(* Let $0<\alpha<1$ and let $p:\mathbb{R}\to\mathbb{R}$ be Lipschitz-continuous with $p_2\le p(t)\le p_1<0$ for all $t\in\mathbb{R}$, for some constants $p_2\le p_1<0$. For every $n\in\mathbb{N}$ there exists $\gamma_n>0$ such that, for all real $t_0$ and $v_0>\gamma_n$, the unique bouncing solution $u$ of $\ddot u-\frac{1}{u^\alpha}=p(t)$ with $u(t_0)=0$ and $\dot u(t_0^+)=v_0$, continued forward in time by reflecting the velocity at each collision, has at least $n$ impacts (zeros) with the singularity $u=0$ after $t_0$.
   Context: Let $\eta=((\alpha-1)p_1)^{-1/\alpha}$. For any $s$ and any $w>\sqrt{2(p_1-p_2)\eta}$ there is a unique maximal solution of the equation on an interval $(s,s')$, $s'<\infty$, with $u(t)\to0$ as $t\to s^+$ and $t\to s'^-$, $\dot u(s^+)=w$ and finite $\dot u(s'^-)<0$. A bouncing solution is a continuous function $u\ge0$ such that its zero set $Z$ is discrete, $u$ is $C^2$ and solves the equation on each open interval disjoint from $Z$, and at each $t_*\in Z$ the one-sided limits $\dot u(t_*^\pm)$ exist with $\dot u(t_*^+)=-\dot u(t_*^-)$ (elastic collision). The forward continuation from $(t_0,v_0)$ concatenates such maximal solutions, restarting at each collision time $t_*$ with velocity $-\dot u(t_*^-)$, as long as this velocity exceeds $\sqrt{2(p_1-p_2)\eta}$. *)

From Stdlib Require Import Reals.
From Coquelicot Require Import Coquelicot.
Open Scope R_scope.

Definition eta (alpha p1 : R) : R := Rpower ((alpha - 1) * p1) (- / alpha).

Definition vthr (alpha p1 p2 : R) : R := sqrt (2 * (p1 - p2) * eta alpha p1).

Definition solves_on (alpha : R) (p u v : R -> R) (a b : R) : Prop :=
  forall t, a < t < b ->
    0 < u t /\ is_derive u t (v t) /\
    is_derive v t (/ Rpower (u t) alpha + p t).

(* The forward bouncing continuation from (t0, v0) up to its n-th impact after
   t0: impact times t0 = s 0 < s 1 < ... < s n, on each (s i, s (i+1)) u is a
   maximal solution vanishing at both ends with finite one-sided velocities
   (negative at the right end), velocity v0 at t0+, and at every intermediate
   collision s i (1 <= i < n) elastic reflection v(s i+) = - v(s i-), with the
   restart velocity above the threshold sqrt(2 (p1-p2) eta). *)
Definition bouncing_chain (alpha p1 p2 : R) (p : R -> R) (t0 v0 : R) (n : nat)
  (u v : R -> R) (s : nat -> R) : Prop :=
  s 0%nat = t0 /\
  (forall i, (i < n)%nat -> s i < s (S i)) /\
  (forall i, (i <= n)%nat -> u (s i) = 0) /\
  (forall i, (i < n)%nat ->
     solves_on alpha p u v (s i) (s (S i)) /\
     filterlim u (at_right (s i)) (locally 0) /\
     filterlim u (at_left (s (S i))) (locally 0) /\
     (exists w_in w_out : R,
        filterlim v (at_right (s i)) (locally w_in) /\
        filterlim v (at_left (s (S i))) (locally w_out) /\ w_out < 0)) /\
  filterlim v (at_right t0) (locally v0) /\
  (forall i, (1 <= i < n)%nat ->
     exists w : R,
       filterlim v (at_left (s i)) (locally w) /\
       filterlim v (at_right (s i)) (locally (- w)) /\
       vthr alpha p1 p2 < - w).

From Stdlib Require Import Reals Lra Lia Psatz Classical ClassicalEpsilon Ranalysis5.
From Coquelicot Require Import Coquelicot.
Open Scope R_scope.

(* Between two impacts the substitution [u = r ^ (q + 2)], [dt = r ^ (q + 1) dx] with
   [q = 2 alpha / (1 - alpha)] desingularises [u'' = u ^ (- alpha) + p t]: the new unknowns
   [(r, v, t)] solve a system that is Lipschitz once [r] is truncated, so a solution leaving
   [r = 0] with speed [w] exists by Picard iteration.  Two energies with the coefficient of
   the [r ^ (q + 2)] term frozen at [-p1] and at [-p2] are monotone along the flight; they
   force the trajectory up to a height where [-p1 r ^ (q + 2)] and [w ^ 2] are comparable and
   back down to [r = 0] within a time bounded in terms of [w], with landing speed at least
   [sqrt kappa * w], [kappa = p1 / (2 p2)].  Undoing the time change gives one flight of
   [u]; if [v0 >= W / kappa ^ n] the [n] successive restart speeds all stay above the
   threshold, and the flights chain into a bouncing solution with [n] impacts. *)

Lemma continuous_eps_delta (f : R -> R) x :
  continuous f x <->
  forall e, 0 < e -> exists d, 0 < d /\ forall y, Rabs (y - x) < d -> Rabs (f y - f x) < e.
Proof.
  split.
  - intros Hf e He.
    destruct (proj1 (filterlim_locally _ _) Hf (mkposreal e He)) as [[d Hd] Hy].
    exists d; split; [exact Hd|]. intros y Hyx. now apply (Hy y).
  - intros H. apply filterlim_locally. intros [e He].
    destruct (H e He) as [d [Hd Hy]].
    exists (mkposreal d Hd). intros y Hb. now apply Hy.
Qed.

Lemma lt_of_mul_frac K e : 0 <= K -> 0 < e -> K * (e / (K + 1)) < e.
Proof.
  intros HK He. apply (Rmult_lt_reg_r (K + 1)); [lra|].
  replace (K * (e / (K + 1)) * (K + 1)) with (K * e) by (field; lra). nra.
Qed.

Definition lipschitz3 (L : R) (G : R -> R -> R -> R) : Prop :=
  forall a1 a2 a3 b1 b2 b3,
    Rabs (G a1 a2 a3 - G b1 b2 b3) <= L * (Rabs (a1 - b1) + Rabs (a2 - b2) + Rabs (a3 - b3)).

Lemma continuous_lipschitz (f : R -> R) L :
  0 <= L -> (forall x y, Rabs (f x - f y) <= L * Rabs (x - y)) -> forall x, continuous f x.
Proof.
  intros HL Hf x. apply continuous_eps_delta. intros e He.
  exists (e / (L + 1)). split; [apply Rdiv_lt_0_compat; lra|]. intros y Hy.
  eapply Rle_lt_trans; [apply Hf|].
  eapply Rle_lt_trans; [apply Rmult_le_compat_l; [exact HL| left; exact Hy]|].
  now apply lt_of_mul_frac.
Qed.

Lemma continuous_lipschitz3 (G : R -> R -> R -> R) L (a b c : R -> R) x :
  0 <= L -> lipschitz3 L G ->
  continuous a x -> continuous b x -> continuous c x ->
  continuous (fun t => G (a t) (b t) (c t)) x.
Proof.
  intros HL HG Ha Hb Hc. apply continuous_eps_delta. intros e He.
  set (e' := e / (3 * (L + 1))).
  assert (He' : 0 < e') by (unfold e'; apply Rdiv_lt_0_compat; lra).
  destruct (proj1 (continuous_eps_delta _ _) Ha e' He') as [d1 [Hd1 H1]].
  destruct (proj1 (continuous_eps_delta _ _) Hb e' He') as [d2 [Hd2 H2]].
  destruct (proj1 (continuous_eps_delta _ _) Hc e' He') as [d3 [Hd3 H3]].
  exists (Rmin d1 (Rmin d2 d3)). split; [repeat apply Rmin_pos; auto|].
  intros y Hy.
  assert (Hy1 := Rmin_l d1 (Rmin d2 d3)). assert (Hy2 := Rmin_l d2 d3).
  assert (Hy3 := Rmin_r d2 d3). assert (Hy4 := Rmin_r d1 (Rmin d2 d3)).
  specialize (H1 y ltac:(lra)). specialize (H2 y ltac:(lra)). specialize (H3 y ltac:(lra)).
  eapply Rle_lt_trans; [apply HG|].
  apply Rle_lt_trans with (L * (3 * e')); [apply Rmult_le_compat_l; lra|].
  replace (L * (3 * e')) with (L * (e / (L + 1))) by (unfold e'; field; lra).
  now apply lt_of_mul_frac.
Qed.

Lemma continuous_Rmin (f g : R -> R) x :
  continuous f x -> continuous g x -> continuous (fun t => Rmin (f t) (g t)) x.
Proof.
  intros Hf Hg.
  apply (continuous_ext (fun t => (f t + g t - Rabs (f t - g t)) / 2)).
  { intros t. unfold Rmin. destruct Rle_dec; unfold Rabs; destruct Rcase_abs; lra. }
  apply (continuous_mult (K:=R_AbsRing)); [|apply continuous_const].
  apply (continuous_minus (V:=R_NormedModule)).
  - now apply (continuous_plus (V:=R_NormedModule)).
  - now apply continuous_Rabs_comp, (continuous_minus (V:=R_NormedModule)).
Qed.

Lemma geometric_small (c e : R) : 0 < e -> exists k : nat, c / 2 ^ k < e.
Proof.
  intros He.
  assert (Hk : forall k, INR k <= 2 ^ k).
  { induction k; [simpl; lra|]. rewrite S_INR. simpl.
    assert (1 <= 2 ^ k) by (apply pow_R1_Rle; lra). lra. }
  pose proof (Rabs_pos c).
  destruct (archimed_cor1 (e / (Rabs c + 1))) as [N [HN HN0]];
    [apply Rdiv_lt_0_compat; lra|].
  exists N.
  assert (HNp : 0 < INR N) by (apply lt_0_INR; lia).
  assert (H2 : 0 < 2 ^ N) by (apply pow_lt; lra).
  apply Rle_lt_trans with (Rabs c / INR N).
  - apply Rle_trans with (Rabs c / 2 ^ N).
    + apply Rmult_le_compat_r; [left; apply Rinv_0_lt_compat; lra| apply Rle_abs].
    + apply Rmult_le_compat_l; [lra|]. apply Rinv_le_contravar; auto.
  - apply (Rmult_lt_reg_r (/ (Rabs c + 1))); [apply Rinv_0_lt_compat; lra|].
    apply Rle_lt_trans with (/ INR N); [|lra].
    unfold Rdiv. rewrite Rmult_assoc, (Rmult_comm (/ INR N)), <- Rmult_assoc.
    rewrite <- (Rmult_1_l (/ INR N)) at 2.
    apply Rmult_le_compat_r; [left; apply Rinv_0_lt_compat; lra|].
    apply (Rmult_le_reg_r (Rabs c + 1)); [lra|]. field_simplify; lra.
Qed.

Lemma eq0_of_geometric_bound (D c : R) : (forall k : nat, Rabs D <= c / 2 ^ k) -> D = 0.
Proof.
  intros H. destruct (Req_dec D 0) as [|HD]; auto.
  destruct (geometric_small c (Rabs D)) as [k Hk]; [now apply Rabs_pos_lt|].
  specialize (H k). lra.
Qed.

Lemma geometric_cauchy_limit (a : nat -> R) (B : R) :
  (forall k, Rabs (a (S k) - a k) <= B / 2 ^ k) ->
  forall k, Rabs (a k - real (Lim_seq a)) <= 2 * B / 2 ^ k.
Proof.
  intros H.
  assert (Hpow : forall k, 0 < 2 ^ k) by (intros; apply pow_lt; lra).
  assert (HB : 0 <= B).
  { specialize (H O). pose proof (Rabs_pos (a 1%nat - a 0%nat)). simpl in H. lra. }
  assert (Htail : forall k j, Rabs (a (k + j)%nat - a k) <= 2 * B / 2 ^ k - 2 * B / 2 ^ (k + j)).
  { intros k j. induction j.
    - rewrite Nat.add_0_r, Rminus_eq_0, Rabs_R0. lra.
    - replace (k + S j)%nat with (S (k + j)) by lia.
      replace (a (S (k + j)) - a k) with ((a (S (k + j)) - a (k + j)%nat) + (a (k + j)%nat - a k))
        by ring.
      eapply Rle_trans; [apply Rabs_triang|].
      specialize (H (k + j)%nat).
      replace (2 * B / 2 ^ S (k + j)) with (B / 2 ^ (k + j)) by (simpl; field; apply pow_nonzero; lra).
      lra. }
  assert (Hbound : forall k j, Rabs (a (k + j)%nat - a k) <= 2 * B / 2 ^ k).
  { intros k j. specialize (Htail k j).
    assert (0 <= 2 * B / 2 ^ (k + j)) by (apply Rdiv_le_0_compat; [lra| apply Hpow]). lra. }
  assert (Hl : is_lim_seq a (real (Lim_seq a))).
  { apply Lim_seq_correct', ex_lim_seq_cauchy_corr. intros [e He].
    destruct (geometric_small (2 * B) (e / 2)) as [N HN]; [lra|].
    exists N. intros n m Hn Hm. simpl.
    replace n with (N + (n - N))%nat by lia. replace m with (N + (m - N))%nat by lia.
    replace (a (N + (n - N))%nat - a (N + (m - N))%nat)
      with ((a (N + (n - N))%nat - a N) - (a (N + (m - N))%nat - a N)) by ring.
    eapply Rle_lt_trans; [apply Rabs_triang|]. rewrite Rabs_Ropp.
    pose proof (Hbound N (n - N)%nat). pose proof (Hbound N (m - N)%nat). lra. }
  intros k. rewrite Rabs_minus_sym.
  apply (is_lim_seq_le (fun j => Rabs (a (j + k)%nat - a k)) (fun _ => 2 * B / 2 ^ k)
           (Rabs (real (Lim_seq a) - a k)) (2 * B / 2 ^ k)).
  - intros j. rewrite Nat.add_comm. apply Hbound.
  - apply (is_lim_seq_abs _ (real (Lim_seq a) - a k)).
    apply (is_lim_seq_minus' _ _ (real (Lim_seq a)) (a k)); [|apply is_lim_seq_const].
    now apply (is_lim_seq_incr_n a k).
  - apply is_lim_seq_const.
Qed.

^^^^^^^^

WHAT YOU HAVE TO DO:
Starting at the line that has "is_derive v t" in the records above, restate word for word every line until the one that has "the [r ^ (q", and include that one as well.

SOLUTION TO THE EXERCISE:
    is_derive v t (/ Rpower (u t) alpha + p t).

(* The forward bouncing continuation from (t0, v0) up to its n-th impact after
   t0: impact times t0 = s 0 < s 1 < ... < s n, on each (s i, s (i+1)) u is a
   maximal solution vanishing at both ends with finite one-sided velocities
   (negative at the right end), velocity v0 at t0+, and at every intermediate
   collision s i (1 <= i < n) elastic reflection v(s i+) = - v(s i-), with the
   restart velocity above the threshold sqrt(2 (p1-p2) eta). *)
Definition bouncing_chain (alpha p1 p2 : R) (p : R -> R) (t0 v0 : R) (n : nat)
  (u v : R -> R) (s : nat -> R) : Prop :=
  s 0%nat = t0 /\
  (forall i, (i < n)%nat -> s i < s (S i)) /\
  (forall i, (i <= n)%nat -> u (s i) = 0) /\
  (forall i, (i < n)%nat ->
     solves_on alpha p u v (s i) (s (S i)) /\
     filterlim u (at_right (s i)) (locally 0) /\
     filterlim u (at_left (s (S i))) (locally 0) /\
     (exists w_in w_out : R,
        filterlim v (at_right (s i)) (locally w_in) /\
        filterlim v (at_left (s (S i))) (locally w_out) /\ w_out < 0)) /\
  filterlim v (at_right t0) (locally v0) /\
  (forall i, (1 <= i < n)%nat ->
     exists w : R,
       filterlim v (at_left (s i)) (locally w) /\
       filterlim v (at_right (s i)) (locally (- w)) /\
       vthr alpha p1 p2 < - w).

From Stdlib Require Import Reals Lra Lia Psatz Classical ClassicalEpsilon Ranalysis5.
From Coquelicot Require Import Coquelicot.
Open Scope R_scope.

(* Between two impacts the substitution [u = r ^ (q + 2)], [dt = r ^ (q + 1) dx] with
   [q = 2 alpha / (1 - alpha)] desingularises [u'' = u ^ (- alpha) + p t]: the new unknowns
   [(r, v, t)] solve a system that is Lipschitz once [r] is truncated, so a solution leaving
   [r = 0] with speed [w] exists by Picard iteration.  Two energies with the coefficient of
   the [r ^ (q + 2)] term frozen at [-p1] and at [-p2] are monotone along the flight; they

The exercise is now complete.